▶

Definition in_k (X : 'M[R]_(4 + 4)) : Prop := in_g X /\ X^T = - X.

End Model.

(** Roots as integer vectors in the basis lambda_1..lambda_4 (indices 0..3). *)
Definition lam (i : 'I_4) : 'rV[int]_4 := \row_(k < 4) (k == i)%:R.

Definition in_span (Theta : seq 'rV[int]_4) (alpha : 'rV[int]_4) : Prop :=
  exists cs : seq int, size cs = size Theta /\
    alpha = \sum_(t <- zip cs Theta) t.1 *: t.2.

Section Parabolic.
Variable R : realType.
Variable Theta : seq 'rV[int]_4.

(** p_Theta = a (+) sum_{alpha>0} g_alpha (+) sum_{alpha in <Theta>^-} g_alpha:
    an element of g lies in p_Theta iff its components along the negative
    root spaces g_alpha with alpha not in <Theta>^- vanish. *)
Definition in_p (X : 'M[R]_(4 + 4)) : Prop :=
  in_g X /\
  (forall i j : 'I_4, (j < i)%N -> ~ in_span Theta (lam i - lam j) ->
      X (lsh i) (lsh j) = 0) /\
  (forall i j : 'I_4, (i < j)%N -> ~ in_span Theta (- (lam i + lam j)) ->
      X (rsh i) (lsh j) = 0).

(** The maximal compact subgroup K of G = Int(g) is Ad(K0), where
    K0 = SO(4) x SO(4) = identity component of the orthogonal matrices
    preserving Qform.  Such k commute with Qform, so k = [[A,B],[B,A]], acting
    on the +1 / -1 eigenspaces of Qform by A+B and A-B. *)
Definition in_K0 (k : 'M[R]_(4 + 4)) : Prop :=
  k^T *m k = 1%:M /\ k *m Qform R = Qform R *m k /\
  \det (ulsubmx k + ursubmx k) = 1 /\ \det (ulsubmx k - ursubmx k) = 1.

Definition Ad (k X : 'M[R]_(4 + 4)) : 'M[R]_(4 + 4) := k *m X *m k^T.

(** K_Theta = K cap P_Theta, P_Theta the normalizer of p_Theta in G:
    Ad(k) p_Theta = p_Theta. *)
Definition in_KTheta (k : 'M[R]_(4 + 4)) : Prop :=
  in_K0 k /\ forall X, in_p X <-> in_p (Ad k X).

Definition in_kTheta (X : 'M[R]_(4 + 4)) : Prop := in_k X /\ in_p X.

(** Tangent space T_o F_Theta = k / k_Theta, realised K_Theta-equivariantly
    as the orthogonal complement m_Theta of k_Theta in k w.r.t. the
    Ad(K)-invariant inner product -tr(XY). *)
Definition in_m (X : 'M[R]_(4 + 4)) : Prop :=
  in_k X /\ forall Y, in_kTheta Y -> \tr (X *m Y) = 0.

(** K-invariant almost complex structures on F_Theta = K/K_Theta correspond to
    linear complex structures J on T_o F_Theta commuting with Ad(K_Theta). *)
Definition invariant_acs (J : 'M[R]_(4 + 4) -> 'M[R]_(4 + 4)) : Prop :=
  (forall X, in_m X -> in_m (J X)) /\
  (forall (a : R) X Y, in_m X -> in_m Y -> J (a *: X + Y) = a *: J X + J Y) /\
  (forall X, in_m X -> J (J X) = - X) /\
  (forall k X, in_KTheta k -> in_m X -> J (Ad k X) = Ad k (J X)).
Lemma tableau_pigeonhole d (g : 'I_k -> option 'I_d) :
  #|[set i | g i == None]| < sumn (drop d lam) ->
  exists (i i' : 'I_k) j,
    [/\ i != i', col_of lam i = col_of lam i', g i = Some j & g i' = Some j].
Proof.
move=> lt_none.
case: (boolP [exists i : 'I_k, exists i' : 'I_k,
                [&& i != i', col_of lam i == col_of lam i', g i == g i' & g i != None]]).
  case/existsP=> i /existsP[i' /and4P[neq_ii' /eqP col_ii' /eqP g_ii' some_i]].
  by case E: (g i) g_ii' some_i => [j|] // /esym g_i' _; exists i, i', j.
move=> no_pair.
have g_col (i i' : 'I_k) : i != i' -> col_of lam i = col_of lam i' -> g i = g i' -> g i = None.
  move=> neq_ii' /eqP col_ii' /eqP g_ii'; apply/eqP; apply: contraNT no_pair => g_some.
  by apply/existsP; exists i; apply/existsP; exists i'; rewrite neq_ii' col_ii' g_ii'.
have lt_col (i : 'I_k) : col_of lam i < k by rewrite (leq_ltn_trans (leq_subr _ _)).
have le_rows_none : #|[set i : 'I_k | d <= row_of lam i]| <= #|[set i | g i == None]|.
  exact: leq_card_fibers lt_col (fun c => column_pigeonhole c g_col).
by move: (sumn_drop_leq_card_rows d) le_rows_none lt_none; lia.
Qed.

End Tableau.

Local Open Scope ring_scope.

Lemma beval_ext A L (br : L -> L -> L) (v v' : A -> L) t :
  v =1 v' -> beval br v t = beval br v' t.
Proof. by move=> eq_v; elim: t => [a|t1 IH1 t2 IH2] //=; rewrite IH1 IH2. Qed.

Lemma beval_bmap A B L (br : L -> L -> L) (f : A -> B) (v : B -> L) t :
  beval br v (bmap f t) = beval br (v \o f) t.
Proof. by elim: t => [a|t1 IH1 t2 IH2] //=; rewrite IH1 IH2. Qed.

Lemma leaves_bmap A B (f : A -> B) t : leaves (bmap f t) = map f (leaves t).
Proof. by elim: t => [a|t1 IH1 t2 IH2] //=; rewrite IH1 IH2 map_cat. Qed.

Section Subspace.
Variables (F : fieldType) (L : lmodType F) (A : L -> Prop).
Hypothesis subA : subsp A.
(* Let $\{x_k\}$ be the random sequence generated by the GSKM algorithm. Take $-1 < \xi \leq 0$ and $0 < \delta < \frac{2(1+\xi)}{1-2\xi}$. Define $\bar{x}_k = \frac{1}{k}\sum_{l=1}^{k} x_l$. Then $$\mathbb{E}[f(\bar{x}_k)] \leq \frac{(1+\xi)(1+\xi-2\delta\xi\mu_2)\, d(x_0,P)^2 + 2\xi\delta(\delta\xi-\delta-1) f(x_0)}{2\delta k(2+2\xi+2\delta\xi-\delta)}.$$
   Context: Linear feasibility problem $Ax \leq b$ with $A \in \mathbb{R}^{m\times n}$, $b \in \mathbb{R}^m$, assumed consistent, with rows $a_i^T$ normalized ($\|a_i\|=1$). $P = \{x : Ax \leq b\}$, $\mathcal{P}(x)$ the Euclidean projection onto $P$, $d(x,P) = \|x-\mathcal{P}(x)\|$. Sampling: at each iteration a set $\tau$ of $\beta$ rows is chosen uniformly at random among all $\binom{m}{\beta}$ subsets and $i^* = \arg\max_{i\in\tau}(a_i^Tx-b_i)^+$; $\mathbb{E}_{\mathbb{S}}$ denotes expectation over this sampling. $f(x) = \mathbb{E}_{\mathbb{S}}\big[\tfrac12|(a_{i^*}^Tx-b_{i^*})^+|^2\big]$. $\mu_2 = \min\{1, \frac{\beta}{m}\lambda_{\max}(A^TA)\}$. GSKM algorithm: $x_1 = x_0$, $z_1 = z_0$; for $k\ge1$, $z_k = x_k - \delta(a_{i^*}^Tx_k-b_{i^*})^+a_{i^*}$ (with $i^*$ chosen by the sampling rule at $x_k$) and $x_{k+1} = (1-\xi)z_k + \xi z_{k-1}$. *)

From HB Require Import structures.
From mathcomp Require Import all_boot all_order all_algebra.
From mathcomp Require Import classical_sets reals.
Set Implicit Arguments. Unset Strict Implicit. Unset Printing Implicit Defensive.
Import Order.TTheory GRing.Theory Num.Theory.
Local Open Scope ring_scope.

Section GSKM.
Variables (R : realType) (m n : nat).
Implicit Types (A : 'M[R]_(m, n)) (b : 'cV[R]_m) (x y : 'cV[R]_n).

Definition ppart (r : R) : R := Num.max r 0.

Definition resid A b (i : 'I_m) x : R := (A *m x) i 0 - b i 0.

◀

◆ **About this task**
Take from the material above the lines running from the one with "(forall i j : 'I_4, (i" through the one with "Ad(K)-invariant inner product -tr(XY). *)", and repeat them exactly, with nothing else.

◆ **Written solution**
  (forall i j : 'I_4, (i < j)%N -> ~ in_span Theta (- (lam i + lam j)) ->
      X (rsh i) (lsh j) = 0).

(** The maximal compact subgroup K of G = Int(g) is Ad(K0), where
    K0 = SO(4) x SO(4) = identity component of the orthogonal matrices
    preserving Qform.  Such k commute with Qform, so k = [[A,B],[B,A]], acting
    on the +1 / -1 eigenspaces of Qform by A+B and A-B. *)
Definition in_K0 (k : 'M[R]_(4 + 4)) : Prop :=
  k^T *m k = 1%:M /\ k *m Qform R = Qform R *m k /\
  \det (ulsubmx k + ursubmx k) = 1 /\ \det (ulsubmx k - ursubmx k) = 1.

Definition Ad (k X : 'M[R]_(4 + 4)) : 'M[R]_(4 + 4) := k *m X *m k^T.

(** K_Theta = K cap P_Theta, P_Theta the normalizer of p_Theta in G:
    Ad(k) p_Theta = p_Theta. *)
Definition in_KTheta (k : 'M[R]_(4 + 4)) : Prop :=
  in_K0 k /\ forall X, in_p X <-> in_p (Ad k X).

Definition in_kTheta (X : 'M[R]_(4 + 4)) : Prop := in_k X /\ in_p X.

(** Tangent space T_o F_Theta = k / k_Theta, realised K_Theta-equivariantly
    as the orthogonal complement m_Theta of k_Theta in k w.r.t. the
    Ad(K)-invariant inner product -tr(XY). *)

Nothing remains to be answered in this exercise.